Vol. 14, No. 25 Week of June 21, 2009

Who’s on first?

Exxon-TransCan Alaska gas line push sends tremor through Mackenzie ranks

By Gary Park

For Petroleum News

So ExxonMobil hitches up with TransCanada to build an Alaska natural gas pipeline.

Does that spell the end of the current road for Canada’s Mackenzie Gas Project: yes or no?

Make that a definite maybe.

As opinions rolled in, there was no consensus.

Meanwhile, a separate issue is clouding the future demand for Arctic gas as North America deals with the impact on demand of gas from the continent’s shale deposits.

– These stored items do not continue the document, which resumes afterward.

Definition grad_loss (R : realType) (M C : nat) (beta alpha : R)
  (E Et W : 'M[R]_(M * C)) : 'M[R]_(M * C) :=
  \matrix_(a, b)
     derive1 (fun h : R => loss R M C beta alpha E Et (W + h *: delta_mx a b)) 0.

Definition tra_signgd_step (R : realType) (M C : nat) (beta alpha eta : R)
  (E Et W : 'M[R]_(M * C)) : 'M[R]_(M * C) :=
  W - eta *: (Et *m map_mx Num.sg (Et^T *m grad_loss R M C beta alpha E Et W *m E)
                *m E^T).

Definition tra_signgd_iter (R : realType) (M C : nat) (beta alpha eta : R)
  (E Et : 'M[R]_(M * C)) (T : nat) : 'M[R]_(M * C) :=
  iter T (tra_signgd_step R M C beta alpha eta E Et) 0.

Definition loss_tra_signgd (R : realType) (M C : nat) (beta alpha eta : R)
  (E Et : 'M[R]_(M * C)) (T : nat) : R :=
  loss R M C beta alpha E Et (tra_signgd_iter R M C beta alpha eta E Et T).

(* In the rotated coordinates V = Et^T W E the loss is the cross entropy of the
   column softmaxes of V and its gradient is Et G E^T with
   G_ij = p_j (softmax(V)_ij - p_(i|j)), so a TRA-SignGD step reads
   V <- V - eta sgn G(V).  Starting from V = 0, V stays two-level (y on the
   diagonal, z off it) and sgn G(V) is two-level with entries +-sgn(y - z - g),
   where g = ln (q / a) is the optimal logit gap for the noise levels
   q = p_(j|j) and a = p_(i|j).  Hence d = y - z - g performs the scalar sign
   descent d <- d - 2 eta sgn d from d_0 = -g; since g <= 2 ln K <= 2 eta T,
   after T steps |d| <= 2 eta.  The excess loss of a two-level V is a KL
   divergence, at most 2 d^2. *)

From HB Require Import structures.
From mathcomp Require Import all_boot all_order all_algebra.
From mathcomp Require Import all_classical all_reals all_analysis.
From mathcomp Require Import lra ring zify.
Import Order.TTheory GRing.Theory Num.Theory.
Local Open Scope ring_scope.

Set Implicit Arguments.
Unset Strict Implicit.

Section LineDerivatives.
Variable R : realType.
Implicit Types (x k : R) (f : R -> R).

Lemma is_derive_sum_fun n (F : 'I_n -> R -> R) (dF : 'I_n -> R) x :
  (forall i, is_derive x 1 (F i) (dF i)) ->
  is_derive x 1 (fun h => \sum_(i < n) F i h) (\sum_(i < n) dF i).
Proof. by move=> dFi; rewrite -fct_sumE; exact: is_derive_sum. Qed.

Lemma is_derive_mull_fun k f d x :
  is_derive x 1 f d -> is_derive x 1 (fun h => k * f h) (k * d).
Proof.
by move=> df; rewrite [X in is_derive _ _ X](_ : _ = k *: f) //; exact: is_deriveZ.
Qed.

Lemma is_derive_sub_fun f g d e x :
  is_derive x 1 f d -> is_derive x 1 g e ->
  is_derive x 1 (fun h => f h - g h) (d - e).
Proof.
by move=> df dg; rewrite [X in is_derive _ _ X](_ : _ = f - g) //; exact: is_deriveB.
Qed.

Lemma is_derive_affine v c x : is_derive x 1 (fun h : R => v + h * c) c.
Proof.
rewrite [X in is_derive _ _ X](_ : _ = cst v + c \*: id); last first.
  by apply/funext => h /=; rewrite mulrC.
by apply: is_derive_eq; rewrite add0r /GRing.scale /= mulr1.
Qed.

Lemma is_derive_lse n (v c : 'I_n -> R) x : (0 < n)%N ->
  is_derive x 1 (fun h => ln (\sum_(k < n) expR (v k + h * c k)))
    ((\sum_(k < n) expR (v k + x * c k) * c k) / \sum_(k < n) expR (v k + x * c k)).
Proof.
case: n v c => // n v c _.
have S0 : 0 < \sum_(k < n.+1) expR (v k + x * c k).
  by rewrite big_ord_recl ltr_pwDl ?expR_gt0 // sumr_ge0 // => k _; rewrite expR_ge0.
rewrite mulrC.
apply: (is_derive1_comp (g := fun h => \sum_(k < n.+1) expR (v k + h * c k))
  (is_derive1_ln S0)).
apply: is_derive_sum_fun => k.
exact: (is_derive1_comp (is_derive_expR _) (is_derive_affine _ _ _)).
Qed.

End LineDerivatives.

Section CrossEntropy.
Variables (R : realType) (n : nat).
Implicit Types (V D : 'M[R]_n) (p : 'I_n -> R) (pc : 'I_n -> 'I_n -> R).

Definition softmax V i j : R := expR (V i j) / \sum_(k < n) expR (V k j).

Definition xent p pc V : R :=
  - \sum_(j < n) p j * \sum_(i < n) pc i j * ln (softmax V i j).

Definition xent_grad p pc V : 'M[R]_n :=
  \matrix_(i, j) (p j * (softmax V i j - pc i j)).

Lemma sum_expR_col_gt0 V j : 0 < \sum_(k < n) expR (V k j).
Proof.
by rewrite (bigD1 j) //= ltr_pwDl ?expR_gt0 // sumr_ge0 // => k _; rewrite expR_ge0.
Qed.

Lemma ln_softmax V i j : ln (softmax V i j) = V i j - ln (\sum_(k < n) expR (V k j)).
Proof. by rewrite ln_div ?expRK // posrE ?expR_gt0 ?sum_expR_col_gt0. Qed.

Lemma derive1_xent_line p pc V D : (forall j, \sum_i pc i j = 1) ->
  derive1 (fun h => xent p pc (V + h *: D)) 0 =
  \sum_(i < n) \sum_(j < n) xent_grad p pc V i j * D i j.
Proof.
move=> pc1.
pose lse j h := ln (\sum_(k < n) expR (V k j + h * D k j)).
have -> : (fun h => xent p pc (V + h *: D)) =
    fun h => \sum_(j < n) p j * \sum_(i < n) pc i j * (lse j h - (V i j + h * D i j)).
  apply/funext => h; rewrite /xent -sumrN; apply: eq_bigr => j _.
  rewrite -mulrN -sumrN; congr (_ * _); apply: eq_bigr => i _.
  rewrite -mulrN ln_softmax opprB /lse !mxE.
  by under [X in ln X]eq_bigr do rewrite !mxE.
have j0 (j : 'I_n) : (0 < n)%N by case: n j => [[]|].
have dF := is_derive_sum_fun (fun j => is_derive_mull_fun (p j)
  (is_derive_sum_fun (fun i => is_derive_mull_fun (pc i j) (is_derive_sub_fun
     (is_derive_lse (fun k => V k j) (fun k => D k j) 0 (j0 j))
     (is_derive_affine (V i j) (D i j) 0))))).
rewrite derive1E (@derive_val _ _ _ _ _ _ _ dF).
rewrite exchange_big; apply: eq_bigr => j _.
under [X in p j * X]eq_bigr => i _ do rewrite mulrBr.
rewrite sumrB -mulr_suml pc1 mul1r.
under [X in _ * (X / _ - _)]eq_bigr => k _ do rewrite mul0r addr0.
under [X in _ * (_ / X - _)]eq_bigr => k _ do rewrite mul0r addr0.
rewrite [RHS](_ : _ = p j * (\sum_i softmax V i j * D i j - \sum_i pc i j * D i j)).
  by rewrite mulr_suml; congr (_ * (_ - _)); apply: eq_bigr => i _; rewrite /softmax; ring.
by rewrite -sumrB mulr_sumr; apply: eq_bigr => i _; rewrite mxE; ring.
Qed.

End CrossEntropy.

Lemma sum_if_eq (V : nmodType) n (j : 'I_n) (y z : V) :
  \sum_(k < n) (if k == j then y else z) = y + z *+ n.-1.
Proof.
rewrite (bigD1 j) //= eqxx; congr (_ + _).
rewrite (eq_bigr (fun _ => z)) => [|k /negbTE -> //].
by rewrite sumr_const cardC1 card_ord.
Qed.

Lemma mulmx_delta_mxE (R : pzRingType) m n p q (A : 'M[R]_(m, n)) (B : 'M[R]_(p, q))
    a b i j :
  (A *m delta_mx a b *m B) i j = A i a * B b j.
Proof.
by rewrite -(mul_delta_mx (0 : 'I_1)) mulmxA -colE -mulmxA -rowE mxE big_ord1 !mxE.
Qed.

Lemma sum_pcond (R : realType) n alpha (j : 'I_n) : \sum_i pcond R n alpha i j = 1.
Proof.
rewrite (eq_bigr (fun i => if i == j then 1 - alpha + alpha / n%:R else alpha / n%:R)) //.
have n0 : (0 < n)%N by case: n j => [[]|].
rewrite sum_if_eq -addrA -mulrS prednK // -[alpha / _ *+ _]mulr_natr.
by rewrite divfK ?subrK // pnatr_eq0 -lt0n.
Qed.

Section TransformedCoordinates.
Variables (R : realType) (M C : nat) (beta alpha eta : R) (E Et : 'M[R]_(M * C)).
Hypotheses (oE : orthogonal_mx R (M * C) E) (oEt : orthogonal_mx R (M * C) Et).

Local Notation p := (pitem R M C beta).
Local Notation pc := (pcond R (M * C) alpha).

Lemma loss_xentE W : loss R M C beta alpha E Et W = xent p pc (Et^T *m W *m E).
Proof. by []. Qed.

Lemma grad_lossE W :
  grad_loss R M C beta alpha E Et W = Et *m xent_grad p pc (Et^T *m W *m E) *m E^T.
Proof.
apply/matrixP => a b; rewrite mxE.
under eq_fun => h do rewrite loss_xentE mulmxDr mulmxDl -scalemxAr -scalemxAl.
rewrite derive1_xent_line => [|j]; last exact: sum_pcond.
rewrite mxE exchange_big; apply: eq_bigr => j _.
rewrite !mxE mulr_suml; apply: eq_bigr => i _.
by rewrite mulmx_delta_mxE !mxE; ring.
Qed.

Lemma orthogonal_conjK (G : 'M[R]_(M * C)) : Et^T *m (Et *m G *m E^T) *m E = G.
Proof.
have [EtE _] := oE; have [EtEt _] := oEt.
by rewrite !mulmxA EtEt mul1mx -mulmxA EtE mulmx1.
Qed.

Lemma tra_signgd_stepE W :
  Et^T *m tra_signgd_step R M C beta alpha eta E Et W *m E =
  Et^T *m W *m E - eta *: map_mx Num.sg (xent_grad p pc (Et^T *m W *m E)).
Proof.
by rewrite mulmxBr mulmxBl -scalemxAr -scalemxAl grad_lossE !orthogonal_conjK.
Qed.

End TransformedCoordinates.

Section ScalarBounds.
Variable R : realType.
Implicit Types (q d u v w c x : R).

Lemma ln_le_subr1 x : 0 < x -> ln x <= x - 1.
Proof. by move=> x0; have := @le_ln1Dx R (x - 1); rewrite addrCA subrr addr0; apply; lra. Qed.

Lemma ln_mix_le q u v w : 0 <= q <= 1 -> 0 < u <= expR w -> 0 < v <= expR w ->
  ln (q * u + (1 - q) * v) <= w.
Proof.
move=> /andP[q0 q1] /andP[u0 uw] /andP[v0 vw].
rewrite -[w in _ <= w]expRK ler_ln ?posrE ?expR_gt0 //; nra.
Qed.

Lemma sgr_expRB u v : Num.sg (expR u - expR v) = Num.sg (u - v).
Proof.
case: (ltgtP u v) => [uv|uv|->]; last by rewrite !subrr.
  by rewrite !ltr0_sg // subr_lt0 // ltr_expR.
by rewrite !gtr0_sg // subr_gt0 // ltr_expR.
Qed.

Definition kl_gap q d : R :=
  q * ln (q + (1 - q) * expR (- d)) + (1 - q) * ln (q * expR d + (1 - q)).

Lemma kl_gap_le_cosh q d : 0 < q < 1 ->
  kl_gap q d <= q * (1 - q) * (expR d + expR (- d) - 2).
Proof.
move=> /andP[q0 q1]; have ed := expR_gt0 d; have emd := expR_gt0 (- d).
have l1 := ln_le_subr1 (x := q + (1 - q) * expR (- d)) ltac:(nra).
have l2 := ln_le_subr1 (x := q * expR d + (1 - q)) ltac:(nra).
rewrite /kl_gap; nra.
Qed.

Lemma kl_gap_le_abs q d : 0 < q < 1 -> kl_gap q d <= `|d|.
Proof.
move=> /andP[q0 q1]; have q01 : 0 <= q <= 1 by rewrite !ltW.
have e1 : (0 : R) < 1 <= expR `|d|.
  by rewrite ltr01 /= -[X in X <= _]expR0 ler_expR.
have emd : 0 < expR (- d) <= expR `|d| by rewrite expR_gt0 ler_expR ler_normr lexx orbT.
have ed : 0 < expR d <= expR `|d| by rewrite expR_gt0 ler_expR ler_norm.
have l1 := ln_mix_le q01 e1 emd.
have l2 := ln_mix_le q01 ed e1.
rewrite !mulr1 in l1 l2; rewrite /kl_gap; nra.
Qed.

Lemma expR_le_quadratic d : d <= 1/2 -> expR d <= 1 + d + 2 * d ^+ 2.
Proof.
move=> d_le; have emd := expR_ge1Dx (- d); have ed := expR_gt0 d.
have : expR d * expR (- d) = 1 by rewrite -expRD subrr expR0.
rewrite expr2; nra.
Qed.

Lemma kl_gap_le_sqr q d : 0 < q < 1 -> kl_gap q d <= 2 * d ^+ 2.
Proof.
move=> q01; have [d_small|d_big] := lerP `|d| (1/2).
  have /andP[q0 q1] := q01; move: d_small; rewrite ler_norml => /andP[d1 d2].
  have h1 := expR_le_quadratic d2.
  have h2 := @expR_le_quadratic (- d) ltac:(lra).
  have cosh_le : expR d + expR (- d) - 2 <= 4 * d ^+ 2.
    by rewrite sqrrN in h2; rewrite expr2 in h1 h2 *; lra.
  have qq : 0 <= q * (1 - q) <= 1/4.
    by have := sqr_ge0 (q - 1/2); rewrite expr2 => ?; apply/andP; split; nra.
  have := kl_gap_le_cosh d q01; move: qq cosh_le; set y := q * (1 - q).
  rewrite expr2; nra.
apply: le_trans (kl_gap_le_abs d q01) _.
by rewrite -real_normK ?num_real // expr2; nra.
Qed.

Steve Letwin, the Houston-based executive vice president, gas transportation and international, with Enbridge told a conference the industry is overbuilt, pointing to weak prices for a long time.

He said it is unlikely that Arctic gas, from either Alaska or the Mackenzie Delta will be needed before 2025.

Letwin said the cost of building transportation facilities could run to about US$5 per million British thermal units for the Alaska line.

Eresman: markets oversupplied

A strong indication of the current state of the North American gas market came from EnCana June 15 when the big producer said it had entered fixed price hedge contracts for 35 percent of its expected production in the upcoming sales year from Nov. 1, 2009, to Oct. 31, 2010.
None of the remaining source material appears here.